One of the most sacred and silent fears I hear from women is:
“What if my husband never becomes the spiritual leader I pray for?”
That ache runs deep.
It’s often whispered through tears, tucked inside prayer journals, or carried silently in conversations with God.
You long to see your husband flourish in Christ.
You dream of him leading your family with wisdom and strength.
And when it doesn’t happen… it’s easy to drift toward control, resentment, or quiet despair.
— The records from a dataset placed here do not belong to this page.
Lemma lie_anticomm (a b : g) : br a b = - br b a.
Proof.
case: br_lie => _ _ brxx _; apply/eqP; rewrite -addr_eq0.
have := brxx (a + b).
rewrite (linear_forD (lie_linearl _)) !(linear_forD (lie_linearr _)) !brxx.
by rewrite add0r addr0 => ->.
Qed.

Lemma lie_ad_bracket (z a w : g) : br (br z a) w = br z (br a w) - br a (br z w).
Proof.
case: br_lie => _ _ _ jacobi; have /eqP := jacobi w z a.
rewrite [br w (br z a)]lie_anticomm [br w z]lie_anticomm.
by rewrite (linear_forN (lie_linearr a)) -addrA addrC subr_eq0 => /eqP.
Qed.

End LieBracket.

Section Trace.
Variables (K : fieldType) (V : vectType K).

Definition lin_trace (f : V -> V) : K :=
  \sum_(i < \dim {: V}) coord (vbasis fullv) i (f (tnth (vbasis fullv) i)).

Lemma lin_trace_comp (f h : V -> V) : linear f ->
  lin_trace (f \o h) =
  \sum_(i < \dim {: V}) \sum_(j < \dim {: V})
     coord (vbasis fullv) j (h (tnth (vbasis fullv) i)) *
     coord (vbasis fullv) i (f (tnth (vbasis fullv) j)).
Proof.
move=> f_lin; rewrite /lin_trace; apply: eq_bigr => i _ /=.
rewrite {1}(coord_vbasis (memvf (h _))) (linear_for_sum f_lin) linear_sum.
by apply: eq_bigr => j _; rewrite (linear_forZ f_lin) linearZ !(tnth_nth 0).
Qed.

Lemma lin_trace_comm (f h : V -> V) : linear f -> linear h ->
  lin_trace (f \o h) = lin_trace (h \o f).
Proof.
move=> f_lin h_lin; rewrite !lin_trace_comp // exchange_big.
by apply: eq_bigr => i _; apply: eq_bigr => j _; rewrite mulrC.
Qed.

End Trace.

Lemma bilinear_orthonormalE (K : fieldType) (V : vectType K) (n : nat)
    (e : n.-tuple V) (B : V -> V -> K) :
  basis_of fullv e -> (forall b, scalar (B^~ b)) -> (forall a, scalar (B a)) ->
  (forall i j, B (tnth e i) (tnth e j) = (i == j)%:R) ->
  forall a b, B a b = \sum_i coord e i a * coord e i b.
Proof.
move=> e_basis Bl Br e_orth a b.
rewrite {1}(coord_basis e_basis (memvf a)) (linear_for_sum (Bl b)).
apply: eq_bigr => i _; rewrite (linear_forZ (Bl b)) /=; congr (_ * _).
rewrite {1}(coord_basis e_basis (memvf b)) (linear_for_sum (Br _)) (bigD1 i) //=.
rewrite big1 => [|j /negbTE ji]; rewrite (linear_forZ (Br _)) /= -!tnth_nth e_orth.
  by rewrite eqxx mulr1 addr0.
by rewrite eq_sym ji mulr0.
Qed.

Section Killing.
Variables (K : fieldType) (g : vectType K) (br : g -> g -> g).
Hypothesis br_lie : lie_bracket br.

Lemma killing_linearl (b : g) : scalar (killing br ^~ b).
Proof.
move=> k a a'; rewrite /killing mulr_sumr -big_split; apply: eq_bigr => i _ /=.
by rewrite (lie_linearl br_lie) linearP.
Qed.

Lemma killing_linearr (a : g) : scalar (killing br a).
Proof.
move=> k b b'; rewrite /killing mulr_sumr -big_split; apply: eq_bigr => i _ /=.
by rewrite (lie_linearl br_lie) (lie_linearr br_lie) linearP.
Qed.

Lemma killing_invariant (z a b : g) :
  killing br (br z a) b + killing br a (br z b) = 0.
Proof.
(* With ad [z, a] = [ad z, ad a], the sum is tr (ad z (ad a ad b) - (ad a ad b) ad z). *)
pose h := br a \o br b.
have h_lin : linear h by move=> k u v; rewrite /h /= !(lie_linearr br_lie).
have -> : killing br (br z a) b + killing br a (br z b) =
          lin_trace (br z \o h) - lin_trace (h \o br z).
  rewrite /killing /lin_trace -sumrB -big_split; apply: eq_bigr => i _ /=.
  rewrite !(lie_ad_bracket br_lie) (linear_forB (lie_linearr br_lie a)) !linearB /=.
  by rewrite addrA subrK.
by rewrite lin_trace_comm ?subrr //; apply: lie_linearr.
Qed.

End Killing.

Lemma Aplus_mul (K : fieldType) (A : comAlgType K) (p : nat -> A -> A) (u v : A) :
  graded_algebra p -> Aplus p u -> Aplus p v -> Aplus p (u * v).
Proof.
case=> p_lin [p_fin p_sum p_proj p_mul _] u_pos v_pos.
have [Nu Nu_bound] := p_fin u; have [Nv Nv_bound] := p_fin v.
pose N := maxn Nu Nv.
rewrite /Aplus (p_sum u N) => [|i]; last by rewrite geq_max => /andP[/Nu_bound].
rewrite (p_sum v N) => [|i]; last by rewrite geq_max => /andP[_ /Nv_bound].
rewrite mulr_suml (linear_for_sum (p_lin 0%N)); apply: big1 => i _.
rewrite mulr_sumr (linear_for_sum (p_lin 0%N)); apply: big1 => j _.
have [->|i_pos] := posnP i; first by rewrite u_pos mul0r (linear_for0 (p_lin 0%N)).
by rewrite -p_mul p_proj eq_sym addn_eq0 eqn0Ngt i_pos.
Qed.

Section RelativeCochains.
Variables (K : fieldType) (g : vectType K) (br : g -> g -> g).
Variables (A : comAlgType K) (p : nat -> A -> A).

Definition wedge_cochain (B : g -> g -> K) (x y : A -> K)
    (a : g) (u : A) (b : g) (v : A) : K :=
  B a b * (x u * y v - x v * y u).

Lemma rel_cochain2_ext (c c' : g -> A -> g -> A -> K) :
  (forall a u b v, c' a u b v = c a u b v) ->
  rel_cochain2 br p c -> rel_cochain2 br p c'.
Proof.
move=> c'E [c_linl c_linr c_alt c_inv]; split=> *; rewrite !c'E.
- exact: c_linl.
- exact: c_linr.
- exact: c_alt.
- exact: c_inv.
Qed.

Lemma wedge_rel_cochain2 (B : g -> g -> K) (x y : A -> K) :
  (forall b, scalar (B^~ b)) -> (forall a b, B a b = B b a) ->
  (forall z a b, B (br z a) b + B a (br z b) = 0) ->
  lin_Aplus p x -> lin_Aplus p y -> rel_cochain2 br p (wedge_cochain B x y).
Proof.
move=> B_lin B_sym B_inv x_lin y_lin; rewrite /wedge_cochain; split.
- by move=> u v b _ _ k a a'; rewrite B_lin /=; ring.
- by move=> a b k u u' v u_pos u'_pos v_pos; rewrite x_lin // y_lin //; ring.
- by move=> a b u v _ _; rewrite B_sym; ring.
- by move=> z a b u v _ _; rewrite -mulrDl B_inv mul0r.
Qed.

Lemma wedge_cocycle (B : g -> g -> K) (x y : A -> K) :
  (forall u v, Aplus p u -> Aplus p v -> x (u * v) = 0) ->
  (forall u v, Aplus p u -> Aplus p v -> y (u * v) = 0) ->
  forall (a1 a2 a3 : g) (u1 u2 u3 : A),
    Aplus p u1 -> Aplus p u2 -> Aplus p u3 ->
    ce_d2 br (wedge_cochain B x y) a1 u1 a2 u2 a3 u3 = 0.
Proof.
move=> x_mul y_mul a1 a2 a3 u1 u2 u3 u1_pos u2_pos u3_pos.
by rewrite /ce_d2 /wedge_cochain !x_mul // !y_mul //; ring.
Qed.

Lemma rel_coboundary1_eq0 (psi : g -> A -> K) :
  graded_algebra p -> rel_cochain1 br p psi ->
  forall (a b : g) (u v : A), Aplus p u -> Aplus p v -> ce_d1 br psi a u b v = 0.
Proof.
move=> p_graded [_ _ psi_inv] a b u v u_pos v_pos.
by rewrite /ce_d1 psi_inv ?oppr0 //; apply: Aplus_mul.
Qed.

Lemma lin_indep2_Aplus_not_proportional (x y : A -> K) :
  lin_indep2_Aplus p x y ->
  ~ (forall u v, Aplus p u -> Aplus p v -> x u * y v = x v * y u).
Proof.
move=> xy_indep xy_prop.
have xy0 w : Aplus p w -> x w = 0 /\ y w = 0.
  move=> w_pos; have [-> /eqP] : y w = 0 /\ - x w = 0.
    by apply: xy_indep => u u_pos; rewrite mulNr (xy_prop w u) // mulrC subrr.
  by rewrite oppr_eq0 => /eqP.
have [/eqP] : (1 : K) = 0 /\ (0 : K) = 0.
  by apply: xy_indep => u u_pos; have [-> ->] := xy0 u u_pos; rewrite !mulr0 addr0.
by rewrite oner_eq0.
Qed.

End RelativeCochains.
(* Let $R\subseteq\mathbb N$ be sparse, $d\in\mathbb N^+$, $\tilde R\subseteq^d R$, $n\in\mathbb N^+$, and $\mathbf A$ an $n$-tuple of operators on $R$, all $\neq_R0$. Then there is $\Delta_0$ such that for every $\Delta\in d\mathbb N$ with $\Delta\ge\Delta_0$: (i) for all $x\in\mathbb Z$, $x>\mathbf A\cdot P_\Delta(x;\mathbf A,\tilde R)$ iff $x>\inf\mathbf A\cdot\tilde R^n_\Delta$, and $x\le\mathbf A\cdot Q_\Delta(x;\mathbf A,\tilde R)$ iff $x\le\sup\mathbf A\cdot\tilde R^n_\Delta$; (ii) for all $x\in\mathbb Z$, $Q^1_\Delta(x;\mathbf A,\tilde R)=\sigma^{d\varepsilon}P^1_\Delta(x;\mathbf A,\tilde R)$ for some $\varepsilon\in\{-1,0,1\}$.
   Context: Let $R\subseteq\mathbb N$ be infinite, enumerated increasingly as $(r_n)_{n\in\mathbb N}$; $\sigma:R\to R$ is the successor map $\sigma(r_n)=r_{n+1}$, $\sigma^k$ its $k$-fold iterate ($\sigma^0=\mathrm{id}$), $\sigma^{-1}$ the predecessor map with $\sigma^{-1}(\min R)=\min R$ and $\sigma^{-k}$ its iterate. An operator on $R$ is a function $R\to\mathbb Z$, $z\mapsto a_m\sigma^m(z)+\dots+a_0\sigma^0(z)$ with $a_i\in\mathbb Z$. For an operator $A$: $A=_R0$ if $Az=0$ for all $z\in R$; $A>_R0$ (resp. $A<_R0$) if $Az>0$ (resp. $Az<0$) for all but finitely many $z\in R$. $R$ is sparse if every operator $A$ satisfies (S1) $A=_R0$ or $A>_R0$ or $A<_R0$; and (S2) if $A>_R0$ then there is $\Delta\in\mathbb N$ with $A(\sigma^\Delta z)>z$ for all $z\in R$. $\tilde R\subseteq^dR$ means $\tilde R=\{r_{N+dt}:t\in\mathbb N\}$ for some $N\in\mathbb N$. For $\mathbf A$ an $n$-tuple of operators and $z\in R^n$, $\mathbf A\cdot z=\sum_iA_iz_i$; for $S\subseteq R^n$, $\mathbf A\cdot S=\{\mathbf A\cdot z:z\in S\}$. $\tilde R^n_\Delta=\{(z_1,\dots,z_n)\in\tilde R^n: z_i\ge\sigma^\Delta z_{i+1}\ (1\le i\le n)\}$ with $z_{n+1}:=\min\tilde R$. When $\Delta$ is large enough that $z\mapsto\mathbf A\cdot z$ is injective on $R^n_\Delta$: for nonempty $S\subseteq R^n_\Delta$ with $\mathbf A\cdot S$ bounded below (resp. above), $\min_{\mathbf A}S$ (resp. $\max_{\mathbf A}S$) is the unique $z\in S$ with $\mathbf A\cdot z=\min\mathbf A\cdot S$ (resp. $\max$). Then $P_\Delta(x;\mathbf A,\tilde R)=\max_{\mathbf A}\{z\in\tilde R^n_\Delta:\mathbf A\cdot z<x\}$ if $x>\inf\mathbf A\cdot\tilde R^n_\Delta$, and $=\min_{\mathbf A}\tilde R^n_\Delta$ otherwise; $Q_\Delta(x;\mathbf A,\tilde R)=\min_{\mathbf A}\{z\in\tilde R^n_\Delta:\mathbf A\cdot z\ge x\}$ if $x\le\sup\mathbf A\cdot\tilde R^n_\Delta$, and $=\max_{\mathbf A}\tilde R^n_\Delta$ otherwise. $P^i_\Delta,Q^i_\Delta$ denote the $i$-th coordinates. *)

From mathcomp Require Import all_boot all_order all_algebra.
From Stdlib Require Import ClassicalEpsilon.
Import Order.TTheory GRing.Theory Num.Theory.
Local Open Scope ring_scope.
(* An exchange argument: the elements of [B] outside the first [#|B|] indices
   are matched by as many indices inside, each carrying a larger value. *)
Lemma sum_le_psum_card {f} (B : {set 'I_n}) :
  (forall i j : 'I_n, (i <= j)%N -> f j <= f i) ->
  \sum_(i in B) f i <= psum f #|B|.
Proof.
move=> f_anti; set I := [set i : 'I_n | (i < #|B|)%N].
have card_I : #|I| = #|B|.
  have Bn : (#|B| <= n)%N by rewrite -[n in (_ <= n)%N]card_ord max_card.
  have widen_inj : injective (widen_ord Bn) by move=> a b [] ab; apply: val_inj.
  rewrite -[RHS](card_ord #|B|) -(card_imset _ widen_inj).
  apply/eq_card => i; rewrite !inE; apply/idP/imsetP => [iB | [j _ ->]] //=.
  by exists (Ordinal iB) => //; apply: val_inj.
have -> : psum f #|B| = \sum_(i in I) f i by apply: eq_bigl => i; rewrite inE.
rewrite (big_setID I) [X in _ <= X](big_setID B) finset.setIC lerD2l.
set X := B :\: I; set Y := I :\: B.
have card_XY : #|X| = #|Y| by rewrite !cardsD card_I finset.setIC.
have XY x y : x \in X -> y \in Y -> f x <= f y.
  rewrite !inE => /andP[xI _] /andP[_ yI].
  by apply: f_anti; rewrite ltnW // (leq_trans yI) // leqNgt.
have [X0|X_gt0] := posnP #|X|.
  have /eqP : #|Y| = 0 by rewrite -card_XY.
  move: X0 => /eqP; rewrite !cards_eq0 => /eqP -> /eqP ->.
  by rewrite !big_set0.
rewrite -(ler_pM2l (_ : 0 < #|X|%:R)) ?ltr0n // {1}card_XY !mulr_natl -!sumr_const.
rewrite [X in _ <= X]exchange_big /=.
by apply: ler_sum => y yY; apply: ler_sum => x xX; apply: XY.
Qed.

Lemma psum_meet p q k : psum (meet p q) k = Num.min (psum p k) (psum q k).
Proof.
elim: k => [|k IH]; first by rewrite !psum0 minxx.
have [kn|nk] := ltnP k n; first by rewrite (psumS _ (Ordinal kn)) IH /meet addrC subrK.
by rewrite !(psum_full (leqW nk)) -(psum_full nk) IH !psum_full.
Qed.

Lemma meet_ge0 {p q} i : (forall i, 0 <= p i) -> (forall i, 0 <= q i) ->
  0 <= meet p q i.
Proof.
move=> p_ge0 q_ge0; rewrite subr_ge0 le_min !ge_min.
by rewrite !le_psum ?orbT.
Qed.

Lemma sum_meet {p q} : \sum_i p i = 1 -> \sum_i q i = 1 -> \sum_i meet p q i = 1.
Proof.
by move=> p1 q1; rewrite -(psum_full (leqnn n)) psum_meet !psum_full // p1 q1 minxx.
Qed.

Lemma sum_mul_le_psum {J : finType} {f} {g : J -> R} (A : {set 'I_n * J}) :
  (forall i, 0 <= f i) -> (forall i j : 'I_n, (i <= j)%N -> f j <= f i) ->
  (forall j, 0 <= g j) -> \sum_j g j = 1 ->
  \sum_(t in A) f t.1 * g t.2 <= psum f #|A|.
Proof.
move=> f_ge0 f_anti g_ge0 g1; set B := [set t.1 | t in A].
apply: (@le_trans _ _ (\sum_(i in B) f i)); last first.
  exact: le_trans (sum_le_psum_card _ f_anti) (le_psum f_ge0 (leq_imset_card _ _)).
have -> : \sum_(i in B) f i = \sum_(i in B) \sum_j f i * g j.
  by apply: eq_bigr => i _; rewrite -mulr_sumr g1 mulr1.
rewrite pair_big_dep [leRHS]big_mkcond [leLHS]big_mkcond; apply: ler_sum => t _.
case: ifPn => tA; first by rewrite imset_f.
by case: ifP => // _; rewrite mulr_ge0.
Qed.

End PartialSums.

Section Majorization.
Context {R : realType} {phi g : R -> R}.
Hypothesis phi0 : phi 0 = 0.
Hypothesis g_anti : forall u v, 0 < u -> u <= v -> g v <= g u.
Hypothesis phi_tangent :
  forall u v, 0 <= u -> 0 < v -> phi u <= phi v + g v * (u - v).

Lemma majorized_sum_le {n} {T : finType} {w : T -> R} {r : 'I_n -> R} :
  (forall t, 0 <= w t) -> (forall i, 0 <= r i) -> (n <= #|T|)%N ->
  (forall A : {set T}, \sum_(t in A) w t <= psum r #|A|) ->
  \sum_t w t = \sum_i r i ->
  \sum_i phi (r i) <= \sum_t phi (w t).
Proof.
move=> w_ge0 r_ge0 nT w_major w_total.
have [y [y_ge0 y_anti y_sum y_prefix]] := decreasing_rearrangement w_ge0.
pose x k := psum r k.+1 - psum r k.
have x_prefix k : \sum_(0 <= i < k) x i = psum r k.
  by rewrite telescope_sumr // psum0 subr0.
have x_ge0 k : 0 <= x k by rewrite subr_ge0 le_psum.
have x_tail : \sum_(n <= i < #|T|) phi (x i) = 0.
  rewrite big_nat_cond big1 // => i /andP[/andP[ni _] _].
  by rewrite /x !psum_full ?subrr // leqW.
have -> : \sum_i phi (r i) = \sum_(0 <= i < #|T|) phi (x i).
  rewrite (big_cat_nat (leq0n n) nT) /= x_tail addr0 big_mkord.
  by apply: eq_bigr => i _; rewrite /x psumS addrC addKr.
rewrite -y_sum; apply: (karamata g_anti phi_tangent) => // [k kT|].
  by have [A <- ->] := y_prefix k kT; rewrite x_prefix w_major.
by rewrite x_prefix psum_full // -w_total -(y_sum id).
Qed.

Lemma meet_majorizes_product n (p q : 'I_n -> R) : prob_vec p -> prob_vec q ->
  \sum_i phi (meet p q i) <= \sum_(t : 'I_n * 'I_n) phi (p t.1 * q t.2).
Proof.
move=> [p_ge0 [p1 p_anti]] [q_ge0 [q1 q_anti]].
apply: majorized_sum_le => [t | i | | A | ].
- by rewrite mulr_ge0.
- exact: meet_ge0.
- by rewrite card_prod card_ord; case: (posnP n) => [->|/leq_pmulr].
- rewrite psum_meet le_min sum_mul_le_psum //=.
  pose swap (t : 'I_n * 'I_n) := (t.2, t.1).
  have swap_inj : injective swap by move=> [? ?] [? ?] [-> ->].
  rewrite -[#|A|](card_imset _ swap_inj).
  under eq_bigr do rewrite mulrC.
  have -> : \sum_(t in A) q t.2 * p t.1 = \sum_(t in swap @: A) q t.1 * p t.2.
    by rewrite big_imset //; apply: in2W.
  exact: sum_mul_le_psum.
- rewrite sum_meet // -(pair_bigA _ (fun i j => p i * q j)) /=.
  by under eq_bigr do rewrite -mulr_sumr q1 mulr1.
Qed.

End Majorization.

Section PowerAndEntropy.
Context {R : realType}.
But sweet friend — Scripture speaks straight into this place.
🕊 A Word From the Word
1 Peter 3:1–2 (ESV) says:
“Likewise, wives, be subject to your own husbands, so that even if some do not obey the word,
they may be won without a word by the conduct of their wives —
when they see your respectful and pure conduct.”
This isn’t a call to silence.
The Greek meaning of "without a word" here means THE Word. It means don't preach Scripture at your husband when he's already not inclined to obey it.
It does not mean to ignore or enable sin. It doesn't mean to hide your concerns, fears, or wisdom.
What it does mean is to use strength in surrender.
It’s not about pretending or performing — it’s about trusting that God is at work, even when you can’t see it.
🙏 Truth You Need to Know
Here’s what I remind women often — and I want you to hear it too:
- Your husband’s sanctification is not your responsibility.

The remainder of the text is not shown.